Big, complicated macroeconomic issues -- often intertwined -- are combining with a slowdown in corporate profit growth and the ongoing wind-down of the West's epic debt bubble ($8 trillion in excess leverage, according to Credit Suisse) to create a treacherous investment environment in 2012. And based on disappointing hedge fund performance, this market has stumped even the Wall Street hotshots.
We have government debt issues, fiscal austerity, rising trade protectionism, the debt-ceiling debate, the rise and fall and rise again of crude oil, a stalling of earnings growth, a whiff of inflation, moribund banks, a spate of elections and mixed economic reports with sentiment high but job growth and housing still anemic.
No wonder stocks have been mired in a trading range since late 2009 and are hovering near levels first reached way back in 1999.
Yes, we're seeing a rally now, which may make you ask: Is it safe to buy stocks again?
By that I mean: Is it safe to buy them and own them for the long haul? This is the basic buy-and-hold strategy espoused by an army of financial advisers and the mutual fund industry, and followed by the majority of individual American savers -- those who don't have the time or inclination to try to trade like the pros.
The answer, I'm afraid, is not quite yet. It's a false dawn not unlike the one seen in early 2008 before the meltdown started. The volatility behind all this is set to continue for at least a year. The good news is that we could see the return of a 1980s-1990s style secular uptrend for the stock market as soon as 2013. Here's why you should wait until the smoke clears.
It's been painful
While stocks have largely flat-lined for the past 13 years, we've had periods of dreadful panic, such as in August and in the summer of 2010. And we've had powerful, low-volatility gains spurred by hopes of activist intervention by policymakers, such as the current rally, fueled largely by hopes of more money printing from the Federal Reserve. (Even though the Fed's latest attempt at what's called quantitative easing didn't do much for the economy.)
These big shifts in sentiment alternate, it seems, with all the regularity of the tides and the moon. It's been a trading environment where you needed to buy and sell to catch the tide and make money. And for most investors, this has been terribly uncomfortable.
No wonder, then, that people have flocked to the only asset class that's performed consistently well over this time: the venerable U.S. Treasury bond, with 10-year notes paying a small but reliable annual yield of just 1.89%. That's not enough to meet the retirement dreams of American savers, as I explained last week in "Can you build a $2 million 401k?" Not when experts are calling for young workers to aim toward retirement savings of $2 million or more by age 65.

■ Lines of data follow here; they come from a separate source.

(* W(., c_i) is W(., c_(i-1)) =: Wp glued at z = z*(c_i) to the exponential
   curve g y = K (1 - a e^(th y)), K = (c_i + Lambda)/q, a = G_i z.  Since
   K e^(th y) G_i y = K - Wp y, the gap Wp - g equals K e^(th y) (G_i z - G_i y):
   it is <= 0 on [0, oo) and vanishes at z.  For z > 0 this is an interior
   maximum, so the gap has zero derivative at z (smooth fit, hence C^1) and
   nonpositive left second derivative there (the jump inequality).  Every
   W(., c_i) is moreover of the form A + B e^(s y) on a left neighbourhood of
   each point, which makes the left second derivative exist; this invariant is
   carried along the induction on i. *)

Definition aff_exp (A B s y : R) : R := A + B * exp (s * y).

Lemma is_derive_aff_exp A B s y : is_derive (aff_exp A B s) y (aff_exp 0 (B * s) s y).
Proof. unfold aff_exp. auto_derive; auto. ring. Qed.

Lemma continuous_aff_exp A B s y : continuous (aff_exp A B s) y.
Proof. apply (ex_derive_continuous (aff_exp A B s)). eexists. apply is_derive_aff_exp. Qed.

Lemma locally_open_interval (P : R -> Prop) u v x :
  u < x < v -> (forall t, u < t < v -> P t) -> locally x P.
Proof.
  intros Hx H. apply (locally_interval P x u v); simpl; try lra.
  intros t Hu Hv. apply H; simpl in *; lra.
Qed.

Lemma locally_Derive_ext (f g : R -> R) x :
  locally x (fun t => f t = g t) -> locally x (fun t => Derive f t = Derive g t).
Proof.
  intros H. apply locally_locally in H. eapply filter_imp; [|exact H].
  intros t Ht. apply Derive_ext_loc, Ht.
Qed.

Lemma is_derive_Derive_aff_exp_on (f : R -> R) A B s u v :
  (forall t, u < t < v -> f t = aff_exp A B s t) ->
  forall x, u < x < v -> is_derive (Derive f) x (aff_exp 0 (B * s * s) s x).
Proof.
  intros E x Hx. apply (is_derive_ext_loc (aff_exp 0 (B * s) s)); [|apply is_derive_aff_exp].
  eapply filter_imp; [|exact (locally_Derive_ext _ _ x (locally_open_interval _ u v x Hx E))].
  intros t Ht. rewrite Ht. symmetry. apply is_derive_unique, is_derive_aff_exp.
Qed.

Definition C1_at (f : R -> R) (x : R) : Prop := ex_derive f x /\ continuous (Derive f) x.

Lemma C1_at_aff_exp A B s x : C1_at (aff_exp A B s) x.
Proof.
  split.
  - eexists. apply is_derive_aff_exp.
  - apply (continuous_ext (aff_exp 0 (B * s) s)); [|apply continuous_aff_exp].
    intros y. symmetry. apply is_derive_unique, is_derive_aff_exp.
Qed.

Lemma C1_at_ext_loc (f g : R -> R) x :
  locally x (fun t => f t = g t) -> C1_at g x -> C1_at f x.
Proof.
  intros H [Dg Cg].
  assert (H' : locally x (fun t => g t = f t)) by (eapply filter_imp; [|exact H]; auto).
  split.
  - exact (ex_derive_ext_loc g f x H' Dg).
  - exact (continuous_ext_loc _ _ x (locally_Derive_ext g f x H') Cg).
Qed.

Lemma extension_cont_le (f g : R -> R) a x : x <= a -> extension_cont f g a x = f x.
Proof. intros Hx. unfold extension_cont. destruct (Rle_dec x a); [reflexivity|lra]. Qed.

Lemma extension_cont_gt (f g : R -> R) a x : a < x -> extension_cont f g a x = g x.
Proof. intros Hx. unfold extension_cont. destruct (Rle_dec x a); [lra|reflexivity]. Qed.

Lemma extension_cont_left (f g : R -> R) a x :
  x < a -> locally x (fun t => extension_cont f g a t = f t).
Proof.
  intros Hx. apply (locally_open_interval _ (x - 1) a); [lra|].
  intros t Ht. apply extension_cont_le. lra.
Qed.

Lemma extension_cont_right (f g : R -> R) a x :
  a < x -> locally x (fun t => extension_cont f g a t = g t).
Proof.
  intros Hx. apply (locally_open_interval _ a (x + 1)); [lra|].
  intros t Ht. apply extension_cont_gt. lra.
Qed.

Lemma Derive_extension_cont (f g : R -> R) a :
  ex_derive f a -> ex_derive g a -> f a = g a -> Derive f a = Derive g a ->
  forall x, Derive (extension_cont f g a) x = extension_cont (Derive f) (Derive g) a x.
Proof.
  intros Df Dg Ea Ea' x. destruct (Rtotal_order x a) as [Hx|[->|Hx]].
  - rewrite extension_cont_le by lra.
    exact (locally_singleton _ _ (locally_Derive_ext _ _ x (extension_cont_left f g a x Hx))).
  - rewrite extension_cont_le by lra.
    apply is_derive_unique, extension_cont_is_derive; [apply Derive_correct, Df| |exact Ea].
    rewrite Ea'. apply Derive_correct, Dg.
  - rewrite extension_cont_gt by lra.
    exact (locally_singleton _ _ (locally_Derive_ext _ _ x (extension_cont_right f g a x Hx))).
Qed.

Instead, these folks are throwing up their arms in disgust and raiding their retirement savings to pay for holiday shopping and new cars, or to cover school tuition or mortgages. According to a survey by consulting firm Aon Hewitt, (.pdf file) nearly one-third of 401k holders have a loan against their savings, and loan originations jumped 20% last year from 2010. For lower earners, the jump was as much as 60%.
Whether by necessity or by choice, people are giving up on the idea of a comfortable retirement.
A survey by the Employee Benefit Research Institute (.pdf file) found that investor confidence hit a new low in 2011, as just 27% of workers said they're "not at all confident" they will have enough squirreled away for retirement. Almost 15% expect to still be working until age 70, up from 11% in 2006. Similar dynamics are hitting college savings as well.
In the short term, investors are casting a vote of no confidence in this economy as flows into money market funds -- essentially savings accounts -- have hit a 21-month high, returning to levels not seen since early 2009. In other words, people are acting as if we're back in a recession. I think they're right.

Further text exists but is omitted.